New Approach to Modeling Symbiosis in Biological and Social Systems

TL;DR

This paper introduces a nonlinear framework for modeling symbiosis in biological and social systems, capturing various interaction types and analyzing complex dynamical behaviors including coexistence, oscillations, and regime shifts.

Contribution

It presents a unified nonlinear approach to model different symbiosis types, extending beyond traditional linear models, and analyzes their dynamical regimes and bifurcations.

Findings

Multiple dynamical regimes identified, including coexistence and oscillations.

Bifurcation analysis reveals how parameter changes affect system behavior.
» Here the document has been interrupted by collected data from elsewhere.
(* Let $t,k,d,m,\ell$ be positive integers with $m\ge d$, and let $\mathbb{F}$ be a finite field. If $\Pi$ is a $t$-private $k$-server linear HSS for $\mathsf{POLY}_{d,m}(\mathbb{F})^\ell$, then $dt<k$ and the download cost of $\Pi$ is at least $k\ell\log_2|\mathbb{F}|/(k-dt)$. Consequently the download rate of $\Pi$ is at most $1-dt/k$.
   Context: $\mathsf{POLY}_{d,m}(\mathbb{F})$: polynomials in $\mathbb{F}[X_1,\dots,X_m]$ of total degree at most $d$. $\mathcal{F}^\ell$: the class of maps $(x_{i,r})_{i\in[m],r\in[\ell]}\mapsto(f_1(\mathbf{x}_1),\dots,f_\ell(\mathbf{x}_\ell))$, $\mathbf{x}_r=(x_{1,r},\dots,x_{m,r})$, $f_r\in\mathcal{F}$, where all $\ell m$ inputs are shared independently. A $k$-server HSS $(\mathsf{Share},\mathsf{Eval},\mathsf{Rec})$: randomized $\mathsf{Share}$ splits each input into $k$ input shares; server $j$ computes $y^{(j)}=\mathsf{Eval}(f,j,\text{its input shares})$; $\mathsf{Rec}(y^{(1)},\dots,y^{(k)})$ equals the function value with probability 1; $t$-private if for every set of at most $t$ servers the distribution of their input shares does not depend on the input. Linear HSS: $\mathcal{X}=\mathbb{F}$, $\mathsf{Share}(x,\mathbf{r})$ is $\mathbb{F}$-linear in $x$ and a uniformly random vector $\mathbf{r}$ over $\mathbb{F}$, $y^{(j)}\in\mathbb{F}^{b_j}$, and $\mathsf{Rec}$ is $\mathbb{F}$-linear ($\mathsf{Eval}$ arbitrary). Download cost $=\sum_j b_j\log_2|\mathbb{F}|$ bits; download rate $=\ell\log_2|\mathbb{F}|/$download cost. *)

From HB Require Import structures.
From mathcomp Require Import all_boot all_order all_algebra all_field.
From mathcomp Require Import mpoly.
From mathcomp Require Import reals exp.
Set Implicit Arguments. Unset Strict Implicit. Unset Printing Implicit Defensive.
Import Order.TTheory GRing.Theory Num.Theory.
Local Open Scope ring_scope.

Definition POLY (F : finFieldType) (d m : nat) (p : mpoly.mpoly m F) : Prop :=
  forall mo, mo \in mpoly.msupp p -> (mpoly.mdeg mo <= d)%N.

(* Inputs of POLY_{d,m}(F)^l are indexed by (i, r) in [m] x [l]. *)
Definition input_idx (m l : nat) := ('I_m * 'I_l)%type.

(* A k-server linear HSS for POLY_{d,m}(F)^l.
   - Share(x, r) = (x *: shA j + r *m shB j)_{j < k}, F-linear in x and in the
     uniformly random vector r in F^rho; server j's input share lies in F^(s j).
     The same Share is applied independently to each of the l*m inputs.
   - Eval f j (shares of server j) in F^(b j), arbitrary.
   - Rec (y^1..y^k) = \sum_j y^j *m rec j, F-linear, output in F^l. *)
Record linHSS (F : finFieldType) (k m l : nat) := LinHSS {
  rho : nat;
  shs : 'I_k -> nat;
  outb : 'I_k -> nat;
  shA : forall j : 'I_k, 'rV[F]_(shs j);
  shB : forall j : 'I_k, 'M[F]_(rho, shs j);
  ev : ('I_l -> mpoly.mpoly m F) -> forall j : 'I_k,
        (input_idx m l -> 'rV[F]_(shs j)) -> 'rV[F]_(outb j);
  rec : forall j : 'I_k, 'M[F]_(outb j, l)
}.
Arguments rho {F k m l} _.
Arguments shs {F k m l} _ _.
Arguments outb {F k m l} _ _.
Arguments shA {F k m l} _ _.
Arguments shB {F k m l} _ _.
Arguments ev {F k m l} _ _ _ _.
Arguments rec {F k m l} _ _.

Section HSS.
Variables (F : finFieldType) (k m l : nat) (P : linHSS F k m l).

Definition share (j : 'I_k) (x : F) (r : 'rV[F]_(rho P)) : 'rV[F]_(shs P j) :=
  x *: shA P j + r *m shB _ _.

Definition rand_t := {ffun input_idx m l -> 'rV[F]_(rho P)}.

Definition reconstruct (f : 'I_l -> mpoly.mpoly m F)
    (x : input_idx m l -> F) (R : rand_t) : 'rV[F]_l :=
  \sum_(j < k) ev P f j (fun ir => share j (x ir) (R ir)) *m rec _ _.

(* Correctness with probability 1 (every randomness value has positive
   probability), for every function in POLY_{d,m}(F)^l and every input. *)
Definition hss_correct (d : nat) : Prop :=
  forall (f : 'I_l -> mpoly.mpoly m F), (forall r, POLY d (f r)) ->
  forall (x : input_idx m l -> F) (R : rand_t),
    reconstruct f x R = \row_(r < l) mpoly.meval (fun i => x (i, r)) (f r).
Unified scheme encompasses mutualism, commensalism, and parasitism.

Abstract

We suggest a novel approach to treating symbiotic relations between biological species or social entities. The main idea is the characterisation of symbiotic relations of coexisting species through their mutual influence on their respective carrying capacities, taking into account that this influence can be quite strong and requires a nonlinear functional framework. We distinguish three variants of mutual influence, representing the main types of relations between species: (i) passive symbiosis, when the mutual carrying capacities are influenced by other species without their direct interactions; (ii) active symbiosis, when the carrying capacities are transformed by interacting species; and (iii) mixed symbiosis, when the carrying capacity of one species is influenced by direct interactions, while that of the other species is not. The approach allows us to describe all kinds of symbiosis, mutualism, commensalism, and parasitism within a unified scheme. The case of two symbiotic species is analysed in detail, demonstrating several dynamical regimes of coexistence, unbounded growth of both populations, growth of one and elimination of the other population, convergence to evolutionary stable states, and everlasting population oscillations. The change of the dynamical regimes occurs by varying the system parameters characterising the destruction or creation of the mutual carrying capacities. The regime changes are associated with several dynamical system bifurcations.